● Work item: Would you work out how many of the lines below hold "Cmod" and reply with nothing but the number?

● ● ● ● ● ● ●

Lemma bounded_on_ball (f : Z3 -> R) (r : R) : exists M, forall j, knorm j < r -> f j <= M.
Proof.
  exists (fold_right Rmax 0 (map f (cube (Z.to_nat (up r))))). intros j Hj.
  apply Rle_fold_max, in_cube_of_knorm_lt, Hj.
Qed.

Lemma gamma_weighted_bound (gamma : Z3 -> C) cg kappa alpha beta :
  0 <= cg -> 1 <= 2 * kappa -> beta <= 0 -> alpha <= beta - 2 ->
  (forall k, k <> Z3zero -> kappa <= knorm k -> Cmod (gamma k) <= cg * Rpower (knorm k) alpha) ->
  exists C0, 0 <= C0 /\ weighted_bound kappa beta C0 gamma.
Proof.
  intros Hcg Hk Hb Ha Hg.
  destruct (bounded_on_ball (fun j => Cmod (gamma j) / weight kappa beta j) kappa) as [M HM].
  exists (cg + Rmax M 0). split; [pose proof (Rmax_r M 0); lra|]. intros j Hj.
  pose proof (weight_pos kappa beta j Hj) as Hw. pose proof (Rmax_l M 0). pose proof (Rmax_r M 0).
  destruct (Rlt_le_dec (knorm j) kappa) as [Hs|Hs].
  - specialize (HM j Hs). unfold Rdiv in HM.
    apply Rmult_le_compat_r with (r := weight kappa beta j) in HM; [|lra].
    rewrite Rmult_assoc, Rinv_l, Rmult_1_r in HM by lra. nra.
  - eapply Rle_trans; [apply Hg; auto|].
    pose proof (Rpower_le_weight kappa alpha beta (knorm j) (knorm_ge1 j Hj) Hk Hb Ha).
    fold (weight kappa beta j) in *. nra.
Qed.

Lemma varpi_term_nonneg kappa beta k j : 0 <= varpi_term kappa beta k j.
Proof.
  unfold varpi_term. destruct (Z3eqb j Z3zero || Z3eqb j k)%bool eqn:E; [lra|].
  apply Bool.orb_false_iff in E as [Hj _]. apply neq_zero_of_Z3eqb_false in Hj.
  pose proof (knorm_pos j Hj). pose proof (Kbeta_pos kappa beta (knorm j)).
  pose proof (exp_pos (beta * ln (knorm (Z3sub k j)))).
  unfold Rpower. apply Rmult_le_pos; [apply Rmult_le_pos|]; try lra.
  left; apply Rinv_0_lt_compat; lra.
Qed.

Lemma varpi_partial_sum_le kappa beta k N : k <> Z3zero ->
  Rbar_le (/ Kbeta kappa beta (knorm k) * psumR (varpi_term kappa beta k) N) (varpi kappa beta).
Proof. intros Hk. apply (proj1 (Lub_Rbar_correct _)). exists k, N. auto. Qed.

Lemma varpi_contraction kappa beta a : 0 <= a ->
  Rbar_lt (Rbar_mult (Finite a) (varpi kappa beta)) (Finite 1) ->
  0 <= real (varpi kappa beta) /\ a * real (varpi kappa beta) < 1 /\
  forall k N, k <> Z3zero ->
    a * psumR (varpi_term kappa beta k) N
      <= a * real (varpi kappa beta) * Kbeta kappa beta (knorm k).
Proof.
  intros Ha Hlt.
  assert (Hnn : forall k N, 0 <= / Kbeta kappa beta (knorm k) * psumR (varpi_term kappa beta k) N).
  { intros k N. apply Rmult_le_pos; [left; apply Rinv_0_lt_compat, Kbeta_pos|].
    apply sumL_nonneg, varpi_term_nonneg. }
  assert (Hk1 : ((1%Z, 0%Z, 0%Z) : Z3) <> Z3zero) by discriminate.
  pose proof (varpi_partial_sum_le kappa beta _ 0%nat Hk1) as H0.
  pose proof (Hnn ((1%Z, 0%Z, 0%Z) : Z3) 0%nat).
  pose proof (varpi_partial_sum_le kappa beta) as Hub.
  destruct (varpi kappa beta) as [v| |]; simpl in H0, Hub, Hlt |- *.
  - split; [lra|]. split; [exact Hlt|]. intros k N Hk. specialize (Hub k N Hk).
    pose proof (Kbeta_pos kappa beta (knorm k)) as HK.
    assert (psumR (varpi_term kappa beta k) N <= v * Kbeta kappa beta (knorm k)).
    { apply Rmult_le_compat_r with (r := Kbeta kappa beta (knorm k)) in Hub; [|lra].
      rewrite Rmult_comm, <- Rmult_assoc, Rinv_r, Rmult_1_l in Hub by lra. exact Hub. }
    rewrite Rmult_assoc. apply Rmult_le_compat_l; assumption.
  - (* a * (+oo) < 1 forces a = 0, and real (+oo) = 0 makes every claim trivial. *)
    assert (Ea : a = 0).
    { destruct (Rle_dec 0 a) as [Hle|]; [|lra].
      destruct (Rle_lt_or_eq_dec 0 a Hle); simpl in Hlt; [contradiction|auto]. }
    subst a. repeat split; [lra|lra|]. intros. lra.
  - contradiction.
Qed.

● ● ● ● ● ● ●

● Problem solution: 2